• **Activity**
The records below hold a stretch from the line with "identities then form" through the line with "coefficient of t^(N+1)."; return exactly those lines, ends included, and nothing more.

Saved entries:

(* Let $K$ be a field and $f\colon R\to S$ a morphism of Zinbiel algebras. If $H^3_{\mathrm{Zinb}}(f,f)=0$, then every $2$-cocycle $\theta_1\in C^2_{\mathrm{Zinb}}(f,f)$ is the infinitesimal of some deformation of $f$.
   Context: A Zinbiel algebra over $K$ is a $K$-vector space $R$ with bilinear product $x\cdot y$ (also written $m_R(x,y)$) satisfying $(x\cdot y)\cdot z=x\cdot(y\cdot z)+x\cdot(z\cdot y)$. A morphism $f\colon R\to S$ is a linear map with $f(x\cdot y)=f(x)\cdot f(y)$. $R$ is a bimodule over itself, $S$ over itself, and $S$ is an $R$-bimodule via $r\cdot s=f(r)\cdot s$, $s\cdot r=s\cdot f(r)$. For a bimodule $A$ over $R$ and $1\le n\le4$, $C^n_{\mathrm{Zinb}}(R,A)=\mathrm{Hom}_K(R^{\otimes n},A)$ with $(d^1\varphi)(x,y)=x\cdot\varphi(y)-\varphi(x\cdot y)+\varphi(x)\cdot y$, $(d^2\varphi)(x,y,z)=x\cdot(\varphi(y,z)+\varphi(z,y))-\varphi(x\cdot y,z)+\varphi(x,y\cdot z+z\cdot y)-\varphi(x,y)\cdot z$, $(d^3\varphi)(x,y,z,w)=x\cdot\{\varphi(y,z,w)-\varphi(z,w,y)+\varphi(z,y,w)-\varphi(w,z,y)\}-\varphi(x\cdot y,z,w)+\varphi(x,y\cdot z+z\cdot y,w)-\varphi(x,y,z\cdot w+w\cdot z)+\varphi(x,y,z)\cdot w$. The deformation complex: $C^0_{\mathrm{Zinb}}(R,S)=0$, $d^0=0$, $C^n_{\mathrm{Zinb}}(f,f)=C^n_{\mathrm{Zinb}}(R,R)\times C^n_{\mathrm{Zinb}}(S,S)\times C^{n-1}_{\mathrm{Zinb}}(R,S)$ ($1\le n\le4$), $d^i_f(\xi;\pi;\varphi)=(d^i\xi;d^i\pi;f\xi-\pi f-d^{i-1}\varphi)$ with $(f\xi)(x_1,\dots)=f(\xi(x_1,\dots))$, $(\pi f)(x_1,\dots)=\pi(f(x_1),\dots)$. $H^3_{\mathrm{Zinb}}(f,f)=\ker d^3_f/\operatorname{im}d^2_f$; a $2$-cocycle is an element of $\ker d^2_f$. A deformation of $f$ is a formal power series $\Theta_t=\sum_{i\ge0}\theta_it^i$ with $\theta_0=(m_R;m_S;f)$ and $\theta_i=(m_{R,i};m_{S,i};f_i)\in C^2_{\mathrm{Zinb}}(f,f)$, such that for $*=R,S$ the bilinear map $M_{*,t}=\sum_i m_{*,i}t^i$ satisfies $M_{*,t}(M_{*,t}(x,y),z)=M_{*,t}(x,M_{*,t}(y,z))+M_{*,t}(x,M_{*,t}(z,y))$ for $x,y,z\in *$, and $F_t=\sum_if_it^i$ satisfies $F_t(M_{R,t}(x,y))=M_{S,t}(F_t(x),F_t(y))$ for $x,y\in R$. Its infinitesimal is $\theta_1$. *)

From HB Require Import structures.
From mathcomp Require Import all_boot all_order all_algebra.
Set Implicit Arguments. Unset Strict Implicit. Unset Printing Implicit Defensive.
Import GRing.Theory.
Local Open Scope ring_scope.

Section ZinbielDefs.
Variable K : fieldType.

(** K-linear and K-multilinear maps (= elements of Hom_K(U^{(x)n}, V)). *)
Definition lin (U V : lmodType K) (g : U -> V) : Prop :=
  forall (a : K) (u v : U), g (a *: u + v) = a *: g u + g v.

Definition ml2 (U V : lmodType K) (g : U -> U -> V) : Prop :=
  (forall x, lin (g x)) /\ (forall y, lin (fun x => g x y)).

Definition ml3 (U V : lmodType K) (g : U -> U -> U -> V) : Prop :=
  (forall y z, lin (fun x => g x y z)) /\ (forall x z, lin (fun y => g x y z)) /\
  (forall x y, lin (g x y)).

Definition zinbiel (U : lmodType K) (m : U -> U -> U) : Prop :=
  ml2 m /\ forall x y z, m (m x y) z = m x (m y z) + m x (m z y).

Definition zinb_morph (R S : lmodType K) (mR : R -> R -> R) (mS : S -> S -> S)
  (f : R -> S) : Prop :=
  lin f /\ forall x y, f (mR x y) = mS (f x) (f y).

(** Coboundaries d^1, d^2, d^3 of C^*_Zinb(R, A), for a bimodule A over R given
    by the left action [l] and right action [r]; [m] is the product of R. *)
Section Cob.
Variables (R A : lmodType K) (m : R -> R -> R) (l : R -> A -> A) (r : A -> R -> A).

Definition d1 (phi : R -> A) : R -> R -> A :=
  fun x y => l x (phi y) - phi (m x y) + r (phi x) y.

Definition d2 (phi : R -> R -> A) : R -> R -> R -> A :=
  fun x y z => l x (phi y z + phi z y) - phi (m x y) z
               + phi x (m y z + m z y) - r (phi x y) z.

Definition d3 (phi : R -> R -> R -> A) : R -> R -> R -> R -> A :=
  fun x y z w =>
    l x (phi y z w - phi z w y + phi z y w - phi w z y)
    - phi (m x y) z w + phi x (m y z + m z y) w
    - phi x y (m z w + m w z) + r (phi x y z) w.
End Cob.

Section Deformation.
Variables (R S : lmodType K) (mR : R -> R -> R) (mS : S -> S -> S) (f : R -> S).

(** S as an R-bimodule via f. *)
Definition lf (x : R) (s : S) : S := mS (f x) s.
Definition rf (s : S) (x : R) : S := mS s (f x).

(** H^3_Zinb(f,f) = 0 : every element of ker d^3_f (in C^3(f,f)) lies in im d^2_f. *)
Definition H3_zero : Prop :=
  forall (xi : R -> R -> R -> R) (pi : S -> S -> S -> S) (phi : R -> R -> S),
    ml3 xi -> ml3 pi -> ml2 phi ->
    (forall x y z w, d3 mR mR mR xi x y z w = 0) ->
    (forall x y z w, d3 mS mS mS pi x y z w = 0) ->
    (forall x y z, f (xi x y z) - pi (f x) (f y) (f z)
                     - d2 mR lf rf phi x y z = 0) ->
    exists (xi2 : R -> R -> R) (pi2 : S -> S -> S) (phi1 : R -> S),
      ml2 xi2 /\ ml2 pi2 /\ lin phi1 /\
      (forall x y z, d2 mR mR mR xi2 x y z = xi x y z) /\
      (forall x y z, d2 mS mS mS pi2 x y z = pi x y z) /\
      (forall x y, f (xi2 x y) - pi2 (f x) (f y) - d1 mR lf rf phi1 x y = phi x y).

(** 2-cocycles of the deformation complex: elements of ker d^2_f. *)
Definition cocycle2 (m1R : R -> R -> R) (m1S : S -> S -> S) (f1 : R -> S) : Prop :=
  ml2 m1R /\ ml2 m1S /\ lin f1 /\
  (forall x y z, d2 mR mR mR m1R x y z = 0) /\
  (forall x y z, d2 mS mS mS m1S x y z = 0) /\
  (forall x y, f (m1R x y) - m1S (f x) (f y) - d1 mR lf rf f1 x y = 0).

(** Formal deformation Theta_t = sum_i theta_i t^i, theta_i = (MR i; MS i; F i),
    with the power-series identities written coefficientwise (coefficient of t^n). *)
Definition deformation (MR : nat -> R -> R -> R) (MS : nat -> S -> S -> S)
  (F : nat -> R -> S) : Prop :=
  MR 0%N = mR /\ MS 0%N = mS /\ F 0%N = f /\
      (forall i, ml2 (MR i) /\ ml2 (MS i) /\ lin (F i)) /\
      (forall n x y z,
        \sum_(i < n.+1) MR i (MR (n - i)%N x y) z
        = \sum_(i < n.+1) (MR i x (MR (n - i)%N y z) + MR i x (MR (n - i)%N z y))) /\
      (forall n x y z,
        \sum_(i < n.+1) MS i (MS (n - i)%N x y) z
        = \sum_(i < n.+1) (MS i x (MS (n - i)%N y z) + MS i x (MS (n - i)%N z y))) /\
      (forall n x y,
        \sum_(i < n.+1) F i (MR (n - i)%N x y)
        = \sum_(i < n.+1) \sum_(j < (n - i).+1)
             MS i (F j x) (F (n - i - j)%N y)).

End Deformation.
End ZinbielDefs.

(* A deformation is built one order at a time.  Suppose the components of
   index at most N satisfy the Zinbiel and morphism identities up to order
   t^N, and all higher components vanish.  The t^(N+1)-coefficients of the two
   identities then form a 3-cocycle of the deformation complex, so H^3 = 0
   writes it as d^2 of a 2-cochain; taking that cochain as the components of
   index N+1 removes the obstruction.  The given 2-cocycle supplies order 1,
   and choosing the extensions successively gives the whole series.

   The cocycle property needs no index juggling.  For any biadditive product,
   d^3 of its Zinbiel associator vanishes identically, and so does the
   analogous combination of associators and the defect of a morphism.  Apply
   these universal identities to the products that M_t and F_t induce on
   series truncated at t^(N+2), evaluate on constant series, and read off the
   coefficient of t^(N+1).  By induction the associator and the defect of
   truncated series vanish below degree N+1, so only the degree-0 parts of the
   other arguments survive, and the identities become exactly the cocycle
   conditions for the obstruction. *)

From HB Require Import structures.
From mathcomp Require Import all_boot all_algebra.
From mathcomp Require Import zify.
From Stdlib Require Import ClassicalEpsilon.
Set Implicit Arguments. Unset Strict Implicit. Unset Printing Implicit Defensive.
Import GRing.Theory.
Local Open Scope ring_scope.

(* [zmod_eq] proves identities in an abelian group between sums and
   differences of arbitrary terms: the atoms are collected up to unification,
   and the identity holds once every atom has total integer coefficient 0. *)
Inductive zterm := ZVar of nat | ZAdd of zterm & zterm | ZOpp of zterm | ZZero.

Fixpoint zeval (V : zmodType) (env : seq V) (t : zterm) : V :=
  match t with
  | ZVar n => env`_n
  | ZAdd a b => zeval env a + zeval env b
  | ZOpp a => - zeval env a
  | ZZero => 0
  end.

Fixpoint zcoef (t : zterm) (n : nat) : int :=
  match t with
  | ZVar m => (m == n)%:Z
  | ZAdd a b => zcoef a n + zcoef b n
  | ZOpp a => - zcoef a n
  | ZZero => 0
  end.

Lemma zevalE (V : zmodType) (env : seq V) t :
  zeval env t = \sum_(n < size env) env`_n *~ zcoef t n.
Proof.
elim: t => [m|a iha b ihb|a iha|] /=.
- have [lt_m|le_m] := ltnP m (size env).
    rewrite (bigD1 (Ordinal lt_m)) //= eqxx big1 ?addr0 // => i /negPf.
    by rewrite -val_eqE /= eq_sym => ->.
  rewrite nth_default // big1 // => i _.
  by case: eqP => // eq_m; move: (ltn_ord i); rewrite -eq_m ltnNge le_m.
- by rewrite iha ihb -big_split; apply: eq_bigr => i _; rewrite mulrzDr.
- by rewrite iha -sumrN; apply: eq_bigr => i _; rewrite mulrNz.
- by rewrite big1 // => i _; rewrite mulr0z.
Qed.

Lemma zeval_eq0 (V : zmodType) (env : seq V) t :
  all (fun n => zcoef t n == 0) (iota 0 (size env)) -> zeval env t = 0.
Proof.
move=> /allP t0; rewrite zevalE big1 // => i _.
by rewrite (eqP (t0 i _)) ?mulr0z // mem_iota /=.
Qed.

Ltac zmod_mem t l :=
  match l with
  | nil => constr:(false)
  | cons ?h _ => let _ := match goal with _ => unify t h end in constr:(true)
  | cons _ ?r => zmod_mem t r
  end.

Ltac zmod_index t l :=
  match l with
  | cons ?h _ => let _ := match goal with _ => unify t h end in constr:(0%N)
  | cons _ ?r => let n := zmod_index t r in constr:(n.+1)
  end.

Ltac zmod_atoms e l :=
  lazymatch e with
  | GRing.add ?a ?b => let l1 := zmod_atoms a l in zmod_atoms b l1
  | GRing.opp ?a => zmod_atoms a l
  | GRing.zero => l
  | _ => let b := zmod_mem e l in
         lazymatch b with true => l | false => constr:(cons e l) end
  end.

Ltac zmod_reify e l :=
  lazymatch e with
  | GRing.add ?a ?b =>
      let ra := zmod_reify a l in let rb := zmod_reify b l in constr:(ZAdd ra rb)
  | GRing.opp ?a => let ra := zmod_reify a l in constr:(ZOpp ra)
  | GRing.zero => constr:(ZZero)
  | _ => let n := zmod_index e l in constr:(ZVar n)
  end.

Ltac zmod_eq :=
  apply/eqP; rewrite -subr_eq0; apply/eqP;
  lazymatch goal with
  | |- @eq ?V ?e 0 =>
    let l := zmod_atoms e (@nil V) in
    let t := zmod_reify e l in
    change (zeval l t = 0); apply: zeval_eq0; vm_compute; reflexivity
  end.

Section Additive.
Variables (U V : zmodType) (g : U -> V).
Hypothesis gD : {morph g : x y / x + y}.

Lemma additive0 : g 0 = 0.
Proof. by apply: (@addrI _ (g 0)); rewrite -gD !addr0. Qed.

Lemma additiveN : {morph g : x / - x}.
Proof. by move=> x; apply: (@addrI _ (g x)); rewrite -gD !subrr additive0. Qed.

Lemma additive_sum I (r : seq I) (P : pred I) (G : I -> U) :
  g (\sum_(i <- r | P i) G i) = \sum_(i <- r | P i) g (G i).
Proof. exact: (big_morph g gD additive0). Qed.

End Additive.

Definition biadditive (U V : zmodType) (m : U -> U -> V) :=
  (forall x, {morph m x : y z / y + z}) /\ (forall y, {morph m^~ y : x z / x + z}).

• **Exercise output**
   identities then form a 3-cocycle of the deformation complex, so H^3 = 0
   writes it as d^2 of a 2-cochain; taking that cochain as the components of
   index N+1 removes the obstruction.  The given 2-cocycle supplies order 1,
   and choosing the extensions successively gives the whole series.

   The cocycle property needs no index juggling.  For any biadditive product,
   d^3 of its Zinbiel associator vanishes identically, and so does the
   analogous combination of associators and the defect of a morphism.  Apply
   these universal identities to the products that M_t and F_t induce on
   series truncated at t^(N+2), evaluate on constant series, and read off the
   coefficient of t^(N+1).  By induction the associator and the defect of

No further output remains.